> [Required action] For the data below, the lines that hold "mapv" should be counted; only the resulting number is expected.

"""

Theorem mainTheorem10 (L : finFieldType) (q t : nat)
  (ht : (2 <= t)%N) (hcard : #|L| = (q ^ t)%N) :
  (forall (w v : 'cV[L]_2) (rho : L) (tau : {rmorphism L -> L}),
     pr_data q w v rho tau ->
     exists M : 'M[L]_2, M \in unitmx /\
       same_points (mapv M (linset w v rho tau)) (@std_set L q))
  /\ same_points (@std_set L q) (@std_set_norm L q t)
  /\ (forall (w1 v1 : 'cV[L]_2) (rho1 : L) (tau1 : {rmorphism L -> L})
             (w2 v2 : 'cV[L]_2) (rho2 : L) (tau2 : {rmorphism L -> L}),
        pr_data q w1 v1 rho1 tau1 -> pr_data q w2 v2 rho2 tau2 ->
        exists M : 'M[L]_2, M \in unitmx /\
          same_points (mapv M (linset w1 v1 rho1 tau1)) (linset w2 v2 rho2 tau2)).
Proof.
have to_std w v rho tau : pr_data q w v rho tau ->
    proj_equiv (linset w v rho tau) (@std_set L q).
  case=> w0 v0 nsp rho0 [_ fixF].
  have [M [uM hM]] := linset_to_graph tau w0 v0 nsp rho0.
  exists M; split=> //.
  apply: (same_points_ext (fun u => iff_sym (hM u)) (fun u => iff_refl _)).
  exact (graph_same_points_Fq hcard (rmorph_mult_fixing_Fq fixF)
                              (@frobenius_mult_fixing_Fq L q)).
split; first exact: to_std.
split; first exact: std_set_norm_points hcard.
move=> w1 v1 rho1 tau1 w2 v2 rho2 tau2 h1 h2.
exact (proj_equiv_via (to_std _ _ _ _ h1) (to_std _ _ _ _ h2)).
Qed.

"""

> [Solution to this task] 2